Feb 15 18:30:09 hyperion kernel: cx88/2: unregistering cx8802 driver, type: dvb access: shared
Feb 15 18:30:09 hyperion kernel: cx88[0]/2: subsystem: 107d:665f, board: WinFast DTV1000-T [card=35]
Feb 15 18:30:09 hyperion kernel: cx88-mpeg driver manager 0000:02:04.2: PCI INT A disabled
Feb 15 18:30:09 hyperion kernel: cx8800 0000:02:04.0: PCI INT A disabled
Feb 15 18:30:09 hyperion kernel: general protection fault: 0000 [#1]

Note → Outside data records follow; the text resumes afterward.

Lemma enorm_le_sum_normr v : enorm v <= \sum_k `|v ord0 k|.
Proof.
rewrite -(ler_pXn2r (ltn0Sn 1)) ?nnegrE ?enorm_ge0 ?sumr_ge0 // enorm_sqr /dotv.
elim: (index_enum _) => [|k s IH]; first by rewrite !big_nil expr0n.
rewrite !big_cons -expr2 -(real_normK (num_real (v ord0 k))).
have := normr_ge0 (v ord0 k); have : 0 <= \sum_(i <- s) `|v ord0 i| by exact: sumr_ge0.
nra.
Qed.

Lemma dotvN v : dotv (- v) (- v) = dotv v v.
Proof. by apply: eq_bigr => k _; rewrite !mxE mulrNN. Qed.

Lemma dotvZ c v : dotv (c *: v) (c *: v) = c ^+ 2 * dotv v v.
Proof. by rewrite /dotv mulr_sumr; apply: eq_bigr => k _; rewrite !mxE; ring. Qed.

Lemma dotvD_le u v : dotv (u + v) (u + v) <= 2 * dotv u u + 2 * dotv v v.
Proof.
rewrite /dotv !mulr_sumr -big_split /=; apply: ler_sum => k _; rewrite !mxE.
have := sqr_ge0 (u ord0 k - v ord0 k); nra.
Qed.

Lemma dotvD3_le u v w :
  dotv (u + v + w) (u + v + w) <= 3 * dotv u u + 3 * dotv v v + 3 * dotv w w.
Proof.
rewrite /dotv !mulr_sumr -!big_split /=; apply: ler_sum => k _; rewrite !mxE.
have := sqr_ge0 (u ord0 k - v ord0 k); have := sqr_ge0 (w ord0 k - v ord0 k).
have := sqr_ge0 (u ord0 k - w ord0 k); nra.
Qed.

End Dotv.

Lemma dotv_le_of_enorm_le (R : realType) d e (u : 'rV[R]_d) (v : 'rV[R]_e) (K : R) :
  enorm u <= K * enorm v -> dotv u u <= K ^+ 2 * dotv v v.
Proof.
move=> uv; rewrite -!enorm_sqr -exprMn ler_sqr ?nnegrE ?enorm_ge0 //.
exact: le_trans (enorm_ge0 u) uv.
Qed.

Section GeometricConvolution.
Variable R : realFieldType.
Implicit Types (q c : R) (Q : nat -> R).

Lemma sqr_wsum_le (I : Type) (s : seq I) (w y : I -> R) : (forall i, 0 <= w i) ->
  (\sum_(i <- s) w i * y i) ^+ 2 <= (\sum_(i <- s) w i) * \sum_(i <- s) w i * y i ^+ 2.
Proof.
move=> w0; elim: s => [|i s IH]; first by rewrite !big_nil expr0n mul0r.
rewrite !big_cons.
set A := \sum_(j <- s) w j * y j in IH *; set P := \sum_(j <- s) w j in IH *.
set Q := \sum_(j <- s) w j * y j ^+ 2 in IH *.
have P0 : 0 <= P by exact: sumr_ge0.
have Q0 : 0 <= Q by apply: sumr_ge0 => j _; rewrite mulr_ge0 ?sqr_ge0.
(* [P (Q + P y^2 - 2 y A) >= (P y - A)^2], so [2 y A <= Q + P y^2] *)
have cross : 2 * y i * A <= Q + P * y i ^+ 2.
  have [P_eq0|P_neq0] := eqVneq P 0.
    have : A ^+ 2 <= 0 by rewrite -(mul0r Q) -P_eq0.
    by rewrite P_eq0; nra.
  have P_gt0 : 0 < P by rewrite lt0r P_neq0.
  have := sqr_ge0 (P * y i - A); nra.
have := w0 i; nra.
Qed.

Definition geo_conv q Q t := \sum_(s < t.+1) q ^+ (t - s) * Q s.

Lemma geo_convS q Q t : geo_conv q Q t.+1 = q * geo_conv q Q t + Q t.+1.
Proof.
rewrite /geo_conv big_ord_recr /= subnn expr0 mul1r mulr_sumr; congr (_ + _).
by apply: eq_bigr => s _ /=; rewrite mulrA -exprS subSn // -ltnS.
Qed.

Lemma geo_conv_ge0 q Q t : 0 <= q -> (forall s, 0 <= Q s) -> 0 <= geo_conv q Q t.
Proof. by move=> q0 Q0; apply: sumr_ge0 => s _; rewrite mulr_ge0 ?exprn_ge0. Qed.

Lemma geo_conv_ge q Q t : 0 <= q -> (forall s, 0 <= Q s) -> Q t <= geo_conv q Q t.
Proof.
move=> q0 Q0; case: t => [|t]; first by rewrite /geo_conv big_ord1 subnn mul1r.
by rewrite geo_convS lerDr mulr_ge0 // geo_conv_ge0.
Qed.

Lemma geo_conv1_le q t : 0 <= q < 1 -> geo_conv q (fun=> 1) t <= (1 - q)^-1.
Proof.
move=> /andP[q0 q1]; have q1' : 0 < 1 - q by rewrite subr_gt0.
elim: t => [|t IH].
  by rewrite /geo_conv big_ord1 mulr1 invf_ge1 // lerBlDr lerDl.
rewrite geo_convS.
have -> : (1 - q)^-1 = q * (1 - q)^-1 + 1 by field; rewrite gt_eqF.
by rewrite lerD2r ler_wpM2l.
Qed.

Lemma sum_expr_le q T : 0 <= q < 1 -> \sum_(t < T) q ^+ t <= (1 - q)^-1.
Proof.
move=> /andP[q0 q1]; have q1' : 0 < 1 - q by rewrite subr_gt0.
have telescope : (1 - q) * \sum_(t < T) q ^+ t + q ^+ T = 1.
  elim: T => [|T IH]; first by rewrite big_ord0 mulr0 add0r.
  by rewrite big_ord_recr /= exprS -[RHS]IH; ring.
rewrite -(ler_pM2l q1') mulfV ?gt_eqF //.
have := exprn_ge0 T q0; lra.
Qed.

Lemma sum_geo_conv_le q Q T : 0 <= q < 1 -> (forall s, 0 <= Q s) ->
  \sum_(t < T) geo_conv q Q t <= (1 - q)^-1 * \sum_(t < T) Q t.
Proof.
move=> /andP[q0 q1] Q0; have q1' : 0 < 1 - q by rewrite subr_gt0.
have telescope : forall T,
    (1 - q) * \sum_(t < T) geo_conv q Q t + geo_conv q Q T = \sum_(t < T.+1) Q t.
  elim=> [|T' IH]; first by rewrite big_ord0 mulr0 add0r /geo_conv !big_ord1 /= mul1r.
  by rewrite big_ord_recr /= geo_convS [RHS]big_ord_recr /= -IH; ring.
rewrite -(ler_pM2l q1') mulrA mulfV ?gt_eqF // mul1r.
have := telescope T; rewrite big_ord_recr /=.
have := geo_conv_ge T q0 Q0; lra.
Qed.

(* Cauchy-Schwarz with the weights [q ^+ (t - s)], whose total mass is at most [(1 - q)^-1]. *)
Lemma sqr_le_geo_conv e A c q (m Q : nat -> R) t :
  0 <= e -> 0 <= A -> 0 <= c -> 0 <= q < 1 ->
  (forall s, 0 <= m s) -> (forall s, m s ^+ 2 <= Q s) ->
  e <= A + c * geo_conv q m t ->
  e ^+ 2 <= 3 * A ^+ 2 + 3 / 2 * c ^+ 2 * (1 - q)^-1 * geo_conv q Q t.
Proof.
move=> e0 A0 c0 q_bounds m0 mQ he; have [q0 q1] := andP q_bounds.
have Q0 s : 0 <= Q s by apply: le_trans (mQ s); exact: sqr_ge0.
set B := geo_conv q m t in he.
have B0 : 0 <= B by exact: geo_conv_ge0.
have B2 : B ^+ 2 <= (1 - q)^-1 * geo_conv q Q t.
  apply: le_trans (sqr_wsum_le _ _ (fun s : 'I_t.+1 => exprn_ge0 (t - s) q0)) _.
  apply: ler_pM.
  - by apply: sumr_ge0 => s _; rewrite exprn_ge0.
  - by apply: sumr_ge0 => s _; rewrite mulr_ge0 ?exprn_ge0 ?sqr_ge0.
  - have := geo_conv1_le t q_bounds; rewrite /geo_conv.
    by under eq_bigr do rewrite mulr1.
  - by apply: ler_sum => s _; rewrite ler_wpM2l ?exprn_ge0.
have cB2 : (c * B) ^+ 2 <= c ^+ 2 * ((1 - q)^-1 * geo_conv q Q t).
  by rewrite exprMn ler_wpM2l ?sqr_ge0.
have e2 : e ^+ 2 <= (A + c * B) ^+ 2 by have := mulr_ge0 c0 B0; nra.
have := sqr_ge0 (2 * A - c * B); lra.
Qed.

End GeometricConvolution.

Lemma le_of_coupled_bounds (R : realFieldType) (Pk b c A U m s : R) :
  0 < Pk -> 0 <= c -> Pk * m <= U + b * s -> s <= A + c * m ->
  (1 - c * b / Pk) * s <= A + c * U / Pk.
Proof.
move=> Pk_gt0 c_ge0 m_le s_le; rewrite -(ler_pM2l Pk_gt0).
have -> : Pk * ((1 - c * b / Pk) * s) = Pk * s - c * b * s by field; rewrite gt_eqF.
have -> : Pk * (A + c * U / Pk) = Pk * A + c * U by field; rewrite gt_eqF.
have := ler_wpM2l c_ge0 m_le; have := ler_wpM2l (ltW Pk_gt0) s_le; lra.
Qed.

Lemma min_pos_entry_le1 (R : realFieldType) n (W : 'M[R]_n) (delta : R) j :
  (forall i j, 0 <= W i j) -> \sum_i W i j = 1 ->
  (forall i j, 0 < W i j -> delta <= W i j) -> delta <= 1.
Proof.
move=> W_ge0 W_col delta_le.
have [i Wij_gt0] : exists i, 0 < W i j.
  apply/existsP; apply: contraT; rewrite negb_exists => /forallP W0.
  have : \sum_i W i j = 0.
    by apply: big1 => i _; apply/eqP; rewrite eq_le W_ge0 andbT leNgt W0.
  by rewrite W_col => /eqP; rewrite oner_eq0.
apply: le_trans (delta_le _ _ Wij_gt0) _; rewrite -W_col.
by rewrite (bigD1 i) //= lerDl sumr_ge0.
Qed.

Lemma powR_inv_natr_bounds (R : realType) (b : R) (k : nat) :
  0 <= b < 1 -> (0 < k)%N -> 0 <= powR b k%:R^-1 < 1.
Proof.
move=> /andP[b_ge0 b_lt1] k_gt0; rewrite powR_ge0 /=.
have [->|b_neq0] := eqVneq b 0; first by rewrite powR0 // invr_eq0 pnatr_eq0 -lt0n.
apply: (lt_le_trans (@gt0_ltr_powR R k%:R^-1 _ b 1 _ _ b_lt1));
  by rewrite ?powR1 ?nnegrE ?invr_gt0 ?ltr0n.
Qed.

Lemma mixing_rate_bounds (R : realType) n (W : nat -> 'M[R]_n) (delta : R) k :
  (0 < n)%N -> (0 < k)%N -> (forall t i j, 0 <= W t i j) ->
  (forall t j, \sum_i W t i j = 1) -> 0 < delta ->
  (forall t i j, 0 < W t i j -> delta <= W t i j) ->
  0 <= powR (1 - delta ^+ k) k%:R^-1 < 1.
Proof.
move=> n_gt0 k_gt0 W_ge0 W_col delta_gt0 delta_min; apply: powR_inv_natr_bounds => //.
have delta_le1 : delta <= 1.
  exact: min_pos_entry_le1 (W_ge0 0%N) (W_col 0%N (Ordinal n_gt0)) (delta_min 0%N).
have dk_gt0 : 0 < delta ^+ k by rewrite exprn_gt0.
by rewrite subr_ge0 exprn_ile1 ?(ltW delta_gt0) //= ltrBlDr ltrDl.
Qed.

Section LipschitzMeasurability.
Variables (R : realType) (d : nat) (dT : measure_display) (T : measurableType dT).
Implicit Types (v : 'rV[R]_d) (k : 'I_d) (m : nat).
Local Open Scope classical_set_scope.

Definition round_row (m : nat) (v : 'rV[R]_d) : 'rV[R]_d :=
  \row_k ((Num.floor (m.+1%:R * v ord0 k))%:~R / m.+1%:R).

Lemma round_row_err m v k : `|v ord0 k - round_row m v ord0 k| <= m.+1%:R^-1.
Proof.
have m0 : 0 < m.+1%:R :> R by rewrite ltr0Sn.
rewrite mxE; have /andP[fl_le fl_gt] := floor_itv (m.+1%:R * v ord0 k).
rewrite intrD in fl_gt; set fl := (Num.floor _)%:~R in fl_le fl_gt *.
have -> : v ord0 k - fl / m.+1%:R = (m.+1%:R * v ord0 k - fl) / m.+1%:R.
  by field; rewrite gt_eqF.
have inv_ge0 : 0 <= m.+1%:R^-1 :> R by rewrite invr_ge0 ltW.
rewrite normrM (ger0_norm inv_ge0) ger0_norm ?subr_ge0 //.
by rewrite -[leRHS]mul1r ler_pM2r ?invr_gt0 //; lra.
Qed.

Feb 15 18:30:09 hyperion kernel: last sysfs file: /sys/devices/pnp0/00:08/i2c-adapter/i2c-3/3-004c/temp2_crit_alarm
Feb 15 18:30:09 hyperion kernel: CPU 0
Feb 15 18:30:09 hyperion kernel: Modules linked in: lm90 w83627ehf
  hwmon_vid i2c_parport isofs ip6t_LOG xt_tcpudp xt_pkttype ipt_LOG
  xt_limit binfmt_misc snd_pcm_oss snd_mixer_oss snd_seq snd_seq_device
  nfs lockd sunrpc radeon drm nf_conntrack_ipv6 ip6t_REJECT xt_NOTRACK
  ipt_REJECT xt_state iptable_raw iptable_filter ip6table_mangle
  nf_conntrack_netbios_ns nf_conntrack_ipv4 nf_conntrack nf_defrag_ipv4
  ip_tables ip6table_filter ip6_tables x_tables ipv6 nls_iso8859_1
  nls_cp437 vfat fuse loop dm_mod dvb_pll cx22702 cx88_vp3054_i2c zr36060
  cx88xx snd_intel8x0 ir_common snd_ac97_codec saa7110 snd_pcsp tveeprom
  ac97_bus zr36067 videobuf_dvb i2c_algo_bit compat_ioctl32 dvb_core
  snd_pcm snd_timer v4l2_common videocodec parport_pc parport btcx_risc
  iTCO_wdt snd videobuf_dma_sg 8139too soundcore videodev videobuf_core
  v4l1_compat mii i2c_i801 snd_page_alloc sr_mod cdrom intel_agp button
  sg sd_mod ehci_hcd uhci_hcd usbcore edd ext3 mbcache jbd fan
  ide_pci_generic piix ide_core ata_generic ata_piix libata thermal
  processor thermal_sys hwmon [last unloaded: cx8800]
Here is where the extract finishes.